For deployments where S-CORE serves as the shared foundation for many applications, the inability to update the middleware independently (static-only model) represents a significant operational constraint that increases OTA costs, extends security patch timelines, and complicates release coordination between middleware provider and application teams.

Performance Differences — Indicative Values and Hardware Dependencies#

Precise performance numbers cannot be stated universally because they depend heavily on target hardware characteristics (CPU microarchitecture, cache hierarchy, flash/storage type, MMU capabilities). However, published research and industry experience provide order-of-magnitude orientation:

Per-Call Overhead (PLT/GOT Indirection)#

Hardware class	Overhead per cross-library call	Notes
ARM Cortex-A (with branch predictor)	~1–5 ns	Branch prediction mitigates most of the indirect jump cost. GOT entry is typically in L1 cache for hot paths.
ARM Cortex-R (no/simple branch predictor)	~5–20 ns	Indirect jumps are more expensive without speculative execution. Relevant for safety-critical real-time controllers.
x86-64 (modern)	~1–3 ns	Highly optimized branch prediction. Negligible for most workloads.

Context: For a middleware API that is called at kHz rates (e.g., logging, diagnostics polling), this overhead is immeasurable. For APIs called at MHz rates in tight loops (e.g., serialization of high-frequency sensor data), the cumulative cost can reach low single-digit percent — typically dominated by the inability to inline across the library boundary rather than the PLT jump itself.

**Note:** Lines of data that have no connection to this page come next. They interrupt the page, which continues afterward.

Variables (kc : R) (Q Q1 Q2 Q3 k : R -> R).
Hypothesis Q_deriv : forall x, Icc 0 kc x -> is_deriv_within Q (Icc 0 kc) x (Q1 x).
Hypothesis Q1_deriv : forall x, Icc 0 kc x -> is_deriv_within Q1 (Icc 0 kc) x (Q2 x).
Hypothesis Q2_deriv : forall x, Icc 0 kc x -> is_deriv_within Q2 (Icc 0 kc) x (Q3 x).
Hypothesis Q_nonneg : forall x, Icc 0 kc x -> 0 <= Q x.
Hypothesis Q1_pos : forall x, Icc 0 kc x -> 0 < Q1 x.
Hypothesis Q2_nonpos : forall x, Icc 0 kc x -> Q2 x <= 0.
Hypothesis Q3_nonpos : forall x, Icc 0 kc x -> Q3 x <= 0.
Hypothesis Q_incr : forall x y, Icc 0 kc x -> Icc 0 kc y -> x < y -> Q x < Q y.
Hypothesis k_range : forall q, Icc (Q 0) (Q kc) q -> Icc 0 kc (k q).
Hypothesis Q_k : forall q, Icc (Q 0) (Q kc) q -> Q (k q) = q.

Definition dNdx (q : R) : R := q * / Q1 (k q) - k q.

(** [dNdx_at x] is [dNdx] at the flow [Q x] carried by density [x], and
    [dNdx_slope_at x] is the derivative of [dNdx] with respect to the flow there. *)
Definition dNdx_at (x : R) : R := Q x / Q1 x - x.

Definition dNdx_slope_at (x : R) : R := - Q x * Q2 x / Q1 x ^ 3.

Lemma dNdx_slope_at_nonneg x : Icc 0 kc x -> 0 <= dNdx_slope_at x.
Proof.
  intros Hx; pose proof (Q1_pos x Hx); pose proof (Q_nonneg x Hx).
  pose proof (Q2_nonpos x Hx).
  unfold dNdx_slope_at, Rdiv; apply Rmult_le_pos; [nra |].
  left; apply Rinv_0_lt_compat, pow_lt; lra.
Qed.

Link-Time Optimization (LTO) Benefit Lost#

LTO across the entire binary (static case) vs. LTO only within each .so (dynamic case) can yield:

Typical improvement from full-binary LTO: 5–20% for compute-bound code (published GCC/LLVM benchmarks).
For I/O-bound or event-driven middleware code: Often <5%, as performance is dominated by system calls, IPC, and data copying rather than instruction efficiency.
S-CORE relevance: Most middleware APIs are I/O-bound or event-driven (communication, diagnostics, logging). The LTO benefit of static linking is likely in the low single-digit percent range for typical middleware call patterns. Compute-intensive modules (e.g., cryptographic operations, data serialization) may see larger benefits.

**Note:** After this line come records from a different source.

(* For all $x\in\mathcal X$, $\frac{\Pr(Y^*=1\mid T^*=1,X^*=x)}{\Pr(Y^*=1\mid T^*=0,X^*=x)}=\Gamma(x,p_0)$ under Design 1, and $=\Gamma(x,0)$ under Design 2.
   Context: Population variables: $Y^*\in\{0,1\}$, $T^*\in\{0,1\}$, covariate vector $X^*$; $p_0:=\Pr(Y^*=1)$. The observed vector $(Y,T,X)$ arises from Bernoulli sampling: $Y\in\{0,1\}$ is drawn with known probability $h_0:=\Pr(Y=1)\in(0,1)$, and given $Y=y$, $(T,X)$ is drawn from a distribution $\mathcal P_y$. Densities (or mass functions) are denoted by $f$. Design 1 (case-control): for all $t\in\{0,1\}$, $x\in\mathcal X$, $y\in\{0,1\}$, $f_{X|Y}(x\mid y)=f_{X^*|Y^*}(x\mid y)$ and $\Pr(T=t\mid X=x,Y=y)=\Pr(T^*=t\mid X^*=x,Y^*=y)$. Design 2 (case-population): for all $t,x$, $f_{X|Y}(x\mid 0)=f_{X^*}(x)$, $\Pr(T=t\mid X=x,Y=0)=\Pr(T^*=t\mid X^*=x)$, $f_{X|Y}(x\mid 1)=f_{X^*|Y^*}(x\mid 1)$, $\Pr(T=t\mid X=x,Y=1)=\Pr(T^*=t\mid X^*=x,Y^*=1)$. Standing common support assumption: the support of $X^*$ and that of $X$ given $Y=y$ for $y=0,1$ coincide; call it $\mathcal X$. Let $\Pi(t\mid y,x):=\Pr(T=t\mid Y=y,X=x)$, assumed nonzero for all $t,y$. For $p\in[0,1]$, under Design 1, $r(x,p):=\frac{p(1-h_0)\Pr(Y=1\mid X=x)}{p(1-h_0)\Pr(Y=1\mid X=x)+h_0(1-p)\Pr(Y=0\mid X=x)}$, and under Design 2, $r(x,p):=\frac{p(1-h_0)}{h_0}\frac{\Pr(Y=1\mid X=x)}{\Pr(Y=0\mid X=x)}$. Define $\Gamma(x,p):=\frac{\Pi(1\mid 1,x)}{\Pi(0\mid 1,x)}\cdot\frac{\Pi(0\mid 0,x)+r(x,p)\{\Pi(0\mid 1,x)-\Pi(0\mid 0,x)\}}{\Pi(1\mid 0,x)+r(x,p)\{\Pi(1\mid 1,x)-\Pi(1\mid 0,x)\}}$. *)

From HB Require Import structures.
From mathcomp Require Import all_boot all_order all_algebra.
From mathcomp Require Import all_classical all_reals all_analysis.
Set Implicit Arguments. Unset Strict Implicit. Unset Printing Implicit Defensive.
Import Order.TTheory GRing.Theory Num.Theory.
Local Open Scope ring_scope.

Definition is_density (d : measure_display) (X : measurableType d) (R : realType)
  (mu : {measure set X -> \bar R}) (f : X -> R) : Prop :=
  (forall x, 0 <= f x) /\ measurable_fun setT f /\
  (\int[mu]_x (f x)%:E = 1)%E.

Section Model.
Variables (X : Type) (R : realType).

Definition bern (q : R) (b : bool) : R := if b then q else 1 - q.

(* A law of a triple (Y,T,X) is parametrized by:
   p      = Pr(Y = 1),
   f y    = density of X given Y = y,
   e y x  = Pr(T = 1 | Y = y, X = x).
   Joint density of (Y,T,X) at (y,t,x): *)
Definition joint (p : R) (f e : bool -> X -> R) (y t : bool) (x : X) : R :=
  bern p y * f y x * bern (e y x) t.

Definition fX (p : R) (f : bool -> X -> R) (x : X) : R :=
  bern p true * f true x + bern p false * f false x.

Definition suppX (p : R) (f : bool -> X -> R) : set X := [set x | 0 < fX p f x].

Definition PrY_X (p : R) (f : bool -> X -> R) (y : bool) (x : X) : R :=
  bern p y * f y x / fX p f x.

Definition PrT_X (p : R) (f e : bool -> X -> R) (t : bool) (x : X) : R :=
  (joint p f e true t x + joint p f e false t x) / fX p f x.

Definition PrY1_TX (p : R) (f e : bool -> X -> R) (t : bool) (x : X) : R :=
  joint p f e true t x / (joint p f e true t x + joint p f e false t x).

(* Sample quantities: h0, densities fs, es y x = Pi(1 | y, x). *)
Definition Pi (es : bool -> X -> R) (t y : bool) (x : X) : R := bern (es y x) t.

Definition r_cc (h0 : R) (fs : bool -> X -> R) (x : X) (p : R) : R :=
  p * (1 - h0) * PrY_X h0 fs true x /
  (p * (1 - h0) * PrY_X h0 fs true x + h0 * (1 - p) * PrY_X h0 fs false x).

Definition r_cp (h0 : R) (fs : bool -> X -> R) (x : X) (p : R) : R :=
  p * (1 - h0) / h0 * (PrY_X h0 fs true x / PrY_X h0 fs false x).

Definition Gamma (r : X -> R -> R) (es : bool -> X -> R) (x : X) (p : R) : R :=
  Pi es true true x / Pi es false true x *
  ((Pi es false false x + r x p * (Pi es false true x - Pi es false false x)) /
   (Pi es true false x + r x p * (Pi es true true x - Pi es true false x))).

Definition design1 (p0 : R) (f e fs es : bool -> X -> R) : Prop :=
  (forall y x, fs y x = f y x) /\
  (forall t x y, Pi es t y x = bern (e y x) t).

Definition design2 (p0 : R) (f e fs es : bool -> X -> R) : Prop :=
  (forall x, fs false x = fX p0 f x) /\
  (forall t x, x \in suppX p0 f -> Pi es t false x = PrT_X p0 f e t x) /\
  (forall x, fs true x = f true x) /\
  (forall t x, Pi es t true x = bern (e true x) t).

Definition common_support (p0 h0 : R) (f fs : bool -> X -> R) : Prop :=
  forall y x, (0 < fX p0 f x) <-> (0 < fs y x).

End Model.

From HB Require Import structures.
From mathcomp Require Import all_boot all_order all_algebra.
From mathcomp Require Import all_classical all_reals all_analysis.
From mathcomp Require Import ring.
Import Order.TTheory GRing.Theory Num.Theory.
Local Open Scope ring_scope.

(* By Bayes' rule the population odds ratio of Y given T at x equals
   Pr(T=1|Y=1,x)/Pr(T=0|Y=1,x) * Pr(T=0|x)/Pr(T=1|x).  Gamma(x,p) has the same
   shape once its numerator and denominator are read as the mixtures
   (1 - r) Pi(t|0,x) + r Pi(t|1,x), so it suffices that these mixtures are
   Pr(T=t|x).  Under Design 1, r(x,p0) undoes the case-control change of prior
   from p0 to h0, i.e. it is Pr(Y=1|x), and the mixture is Pr(T=t|x) by total
   probability; under Design 2, r(x,0) = 0 and Pi(t|0,x) is Pr(T=t|x) by design. *)

Lemma divf_cancel_common (F : fieldType) (q b1 b0 P1 P0 : F) :
  q != 0 -> b0 != 0 -> (q * b1 / P1) / (q * b0 / P0) = b1 / b0 * (P0 / P1).
Proof.
move=> q_neq0 b0_neq0.
have [->|P0_neq0] := eqVneq P0 0; first by rewrite !(invr0, mulr0, mul0r).
have [->|P1_neq0] := eqVneq P1 0; first by rewrite !(invr0, mulr0, mul0r).
by field; rewrite P1_neq0 b0_neq0 P0_neq0 q_neq0.
Qed.

Section PopulationIdentities.
Variables (X : Type) (R : realType).
Implicit Types (p : R) (f e es : bool -> X -> R) (x : X).

Lemma PrY_X_false p f x :
  fX p f x != 0 -> PrY_X p f false x = 1 - PrY_X p f true x.
Proof. by move=> fX_neq0; rewrite /PrY_X /fX /=; field. Qed.

Lemma PrY_X_true_neq0 p f x :
  p != 0 -> f true x != 0 -> fX p f x != 0 -> PrY_X p f true x != 0.
Proof. by move=> *; rewrite /PrY_X !mulf_neq0 ?invr_neq0. Qed.

Lemma PrT_X_total p f e t x :
  PrT_X p f e t x =
  PrY_X p f false x * bern (e false x) t + PrY_X p f true x * bern (e true x) t.
Proof. by rewrite /PrT_X /PrY_X /joint; ring. Qed.

Lemma PrY1_TX_bayes p f e t x : fX p f x != 0 ->
  PrY1_TX p f e t x = PrY_X p f true x * bern (e true x) t / PrT_X p f e t x.
Proof.
move=> fX_neq0; rewrite /PrY1_TX /PrY_X /PrT_X.
set J := joint p f e true t x + _.
have [-> | J_neq0] := eqVneq J 0; first by rewrite mul0r !invr0 !mulr0.
by rewrite /joint; field; apply/andP.
Qed.

Lemma PrY1_TX_odds_ratio p f e x :
  fX p f x != 0 -> PrY_X p f true x != 0 -> bern (e true x) false != 0 ->
  PrY1_TX p f e true x / PrY1_TX p f e false x =
  bern (e true x) true / bern (e true x) false *
  (PrT_X p f e false x / PrT_X p f e true x).
Proof.
by move=> fX_neq0 q_neq0 b0_neq0; rewrite !PrY1_TX_bayes // divf_cancel_common.
Qed.

Lemma r_cc_reweight (h0 : R) f x p :
  h0 != 0 -> 1 - h0 != 0 -> fX h0 f x != 0 -> r_cc h0 f x p = PrY_X p f true x.
Proof.
move=> h0_neq0 h0_neq1 fX_neq0; rewrite /r_cc /PrY_X [fX p f x]/fX /=.
pose c := h0 * (1 - h0) / fX h0 f x.
have c_neq0 : c != 0 by rewrite !mulf_neq0 ?invr_neq0.
transitivity (c * (p * f true x) / (c * (p * f true x + (1 - p) * f false x))).
  by congr (_ / _); rewrite /c; ring.
by rewrite -mulf_div divff // mul1r.
Qed.

Lemma GammaE r es x p :
  Gamma r es x p = Pi es true true x / Pi es false true x *
  (((1 - r x p) * Pi es false false x + r x p * Pi es false true x) /
   ((1 - r x p) * Pi es true false x + r x p * Pi es true true x)).
Proof. by rewrite /Gamma; congr (_ * (_ / _)); ring. Qed.

Lemma Gamma_odds_ratio p f e r es x p' :
  (forall t, Pi es t true x = bern (e true x) t) ->
  (forall t, (1 - r x p') * Pi es t false x + r x p' * Pi es t true x =
             PrT_X p f e t x) ->
  Gamma r es x p' = bern (e true x) true / bern (e true x) false *
                    (PrT_X p f e false x / PrT_X p f e true x).
Proof. by move=> Pi1 mix; rewrite GammaE !mix !Pi1. Qed.

End PopulationIdentities.

Theorem lemmaA3 (d : measure_display) (X : measurableType d) (R : realType)
  (mu : {measure set X -> \bar R})
  (p0 : R) (f e : bool -> X -> R)
  (h0 : R) (fs es : bool -> X -> R)
  (hp0 : 0 < p0 < 1) (hh0 : 0 < h0 < 1)
  (hf : forall y, is_density mu (f y)) (hfs : forall y, is_density mu (fs y))
  (he : forall y x, 0 <= e y x <= 1) (hes : forall y x, 0 <= es y x <= 1)
  (hsupp : common_support p0 h0 f fs)
  (hPi : forall t y x, x \in suppX p0 f -> Pi es t y x != 0) :
  (design1 p0 f e fs es ->
     forall x, x \in suppX p0 f ->
       PrY1_TX p0 f e true x / PrY1_TX p0 f e false x = Gamma (r_cc h0 fs) es x p0) /\
  (design2 p0 f e fs es ->
     forall x, x \in suppX p0 f ->
       PrY1_TX p0 f e true x / PrY1_TX p0 f e false x = Gamma (r_cp h0 fs) es x 0).
Proof.
case/andP: hp0 => p0_gt0 _; case/andP: hh0 => h0_gt0 h0_lt1.
have fX_neq0 x : x \in suppX p0 f -> fX p0 f x != 0 by rewrite inE => /lt0r_neq0.
have fs_gt0 y x : x \in suppX p0 f -> 0 < fs y x by rewrite inE => /hsupp.
have odds_ratioE x : x \in suppX p0 f -> f true x != 0 ->
    bern (e true x) false != 0 ->
    PrY1_TX p0 f e true x / PrY1_TX p0 f e false x =
    bern (e true x) true / bern (e true x) false *
    (PrT_X p0 f e false x / PrT_X p0 f e true x).
  by move=> xs *; rewrite PrY1_TX_odds_ratio ?PrY_X_true_neq0 ?fX_neq0 ?(lt0r_neq0 p0_gt0).
split.
- move=> [fsE PiE] x xs.
  have fs_f : fs = f by apply/funext => y; apply/funext => z; exact: fsE.
  have fXh0_gt0 : 0 < fX h0 f x.
    by rewrite /fX /= -!fsE addr_gt0 ?mulr_gt0 ?subr_gt0 ?fs_gt0.
  have f1_neq0 : f true x != 0 by rewrite -fsE lt0r_neq0 ?fs_gt0.
  have b0_neq0 : bern (e true x) false != 0 by rewrite -PiE hPi.
  rewrite odds_ratioE //.
  symmetry; apply: Gamma_odds_ratio => t; first exact: PiE.
  rewrite fs_f r_cc_reweight ?lt0r_neq0 ?subr_gt0 // !PiE.
  by rewrite PrT_X_total PrY_X_false ?fX_neq0.
- move=> [_ [Pi0E [fs1E Pi1E]]] x xs.
  have f1_neq0 : f true x != 0 by rewrite -fs1E lt0r_neq0 ?fs_gt0.
  have b0_neq0 : bern (e true x) false != 0 by rewrite -Pi1E hPi.
  rewrite odds_ratioE //.
  symmetry; apply: Gamma_odds_ratio => t; first exact: Pi1E.
  by rewrite /r_cp !mul0r subr0 mul1r addr0 Pi0E.
Qed.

Startup Time (Symbol Resolution)#

Factor	Typical impact
Per-symbol resolution (ELF hash lookup)	~0.5–2 µs per symbol (ARM Cortex-A)
Library with ~500 exported symbols	~0.5–1 ms relocation time
Library with ~5000 exported symbols	~5–10 ms relocation time
`LD_BIND_NOW` (full eager binding)	Paid once at startup, zero cost afterwards
Lazy binding (default)	Startup faster, first call to each symbol slower

Context: For a middleware with a well-designed API surface (hundreds, not thousands of exported symbols per .so), the startup overhead of dynamic linking is typically in the low millisecond range per library — negligible for most automotive boot sequences.

System-Wide Startup (Multi-App, Flash I/O)#

This is the most hardware-dependent factor:

Storage type	Sequential read speed	Impact of N×static vs. 1×shared
eMMC (typical automotive)	100–300 MB/s	Significant: 10 apps × 5 MB middleware = 50 MB vs. 5 MB
NOR flash (direct-execute)	50–100 MB/s	Most significant: I/O is the bottleneck
NVMe / UFS 3.x	1–3 GB/s	Less significant: I/O cost is amortized by high bandwidth

Summary#

Performance aspect	Magnitude of impact	Hardware-dependent?	Measurable in S-CORE context?
PLT/GOT per-call overhead	Low (ns)	Moderate	Yes, via micro-benchmarks
LTO benefit lost	Low–moderate (%)	Low	Yes, via A/B benchmarks
Startup symbol resolution	Low (ms)	Moderate	Yes, via profiling
Multi-app flash I/O savings	Moderate–high (ms–s)	High	Requires target hardware

Recommendation: The performance difference between static and dynamic linking is not the dominant decision criterion for a middleware platform. In most deployment scenarios, the per-call overhead is negligible for middleware APIs, and the startup difference depends on hardware that varies across targets. Code size, RAM sharing, update granularity, safety, and security should weigh more heavily in this decision. Projects with hard real-time requirements on specific hot paths can address those through targeted design (e.g., header-only interfaces, inlined critical paths) regardless of the general linking strategy.